- Work instruction: Beginning with the line containing "tends_to_infty v1 0 /\ tends_to_infty v2 0." and ending with the last line, repeat the records exactly.

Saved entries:
(* Specialize the dust analysis. *)
Theorem mainTheorem1
  (tau0 : R) (Sp SA SB SC v1 v2 O1 O2 : R -> R) :
  let w := 0 in
  let q t := qf w (Sp t) (SA t) (SB t) (SC t) (v1 t) (v2 t) (O1 t) (O2 t) in
  (forall t, tau0 <= t ->
     derivable_pt_lim Sp t
       (- (2 - q t) * Sp t + 3 * (SA t)^2
        - Qf w (v1 t) (O1 t) * v1 t - Qf w (v2 t) (O2 t) * v2 t) /\
     derivable_pt_lim SA t
       (- (2 - q t + 3 * Sp t + sqrt 3 * SB t) * SA t) /\
     derivable_pt_lim SB t
       (- (2 - q t) * SB t + sqrt 3 * (SA t)^2 - 2 * sqrt 3 * (SC t)^2) /\
     derivable_pt_lim SC t
       (- (2 - q t - 2 * sqrt 3 * SB t) * SC t) /\
     derivable_pt_lim v1 t
       (/ Gm w (v1 t) * (1 - (v1 t)^2) * (3 * w - 1 + 2 * Sp t) * v1 t) /\
     derivable_pt_lim v2 t
       (/ Gm w (v2 t) * (1 - (v2 t)^2) * (3 * w - 1 + 2 * Sp t) * v2 t) /\
     derivable_pt_lim O1 t
       ((2 * q t - 1 - 3 * w) * O1 t
        + (3 * w - 1 + 2 * Sp t) * Qf w (v1 t) (O1 t) * v1 t) /\
     derivable_pt_lim O2 t
       ((2 * q t - 1 - 3 * w) * O2 t
        + (3 * w - 1 + 2 * Sp t) * Qf w (v2 t) (O2 t) * v2 t)) ->
  (* at tau0: interior of the state space and constraints *)
  0 < O1 tau0 * O2 tau0 -> 0 <= O1 tau0 -> 0 <= O2 tau0 ->
  0 < (v1 tau0)^2 < 1 -> 0 < (v2 tau0)^2 < 1 ->
  1 - Sig2 (Sp tau0) (SA tau0) (SB tau0) (SC tau0) - O1 tau0 - O2 tau0 = 0 ->
  Qf w (v1 tau0) (O1 tau0) + Qf w (v2 tau0) (O2 tau0) = 0 ->
  tends_to_infty q (/ 2) /\
  tends_to_infty (fun t => O1 t + O2 t) 1 /\
  tends_to_infty Sp 0 /\ tends_to_infty SA 0 /\
  tends_to_infty SB 0 /\ tends_to_infty SC 0 /\
  tends_to_infty v1 0 /\ tends_to_infty v2 0.
Proof.
  intros w q Hsys HO12 HO1 HO2 Hv1 Hv2 Hconstr _. subst w q.
  destruct (dust_asymptotics tau0 Sp SA SB SC v1 v2 O1 O2) as [Hlim_q Hlim].
  1-4: dust_equation Hsys.
  1-2: split; dust_equation Hsys.
  - unfold Sig2 in Hconstr. lra.
  - nra.
  - nra.
  - lra.
  - lra.
  - split; [|exact Hlim]. eapply tends_to_infty_ext; [|exact Hlim_q].
    intros t. cbv beta. rewrite qf_dust. reflexivity.
Qed.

- Result:
  tends_to_infty v1 0 /\ tends_to_infty v2 0.
Proof.
  intros w q Hsys HO12 HO1 HO2 Hv1 Hv2 Hconstr _. subst w q.
  destruct (dust_asymptotics tau0 Sp SA SB SC v1 v2 O1 O2) as [Hlim_q Hlim].
  1-4: dust_equation Hsys.
  1-2: split; dust_equation Hsys.
  - unfold Sig2 in Hconstr. lra.
  - nra.
  - nra.
  - lra.
  - lra.
  - split; [|exact Hlim]. eapply tends_to_infty_ext; [|exact Hlim_q].
    intros t. cbv beta. rewrite qf_dust. reflexivity.
Qed.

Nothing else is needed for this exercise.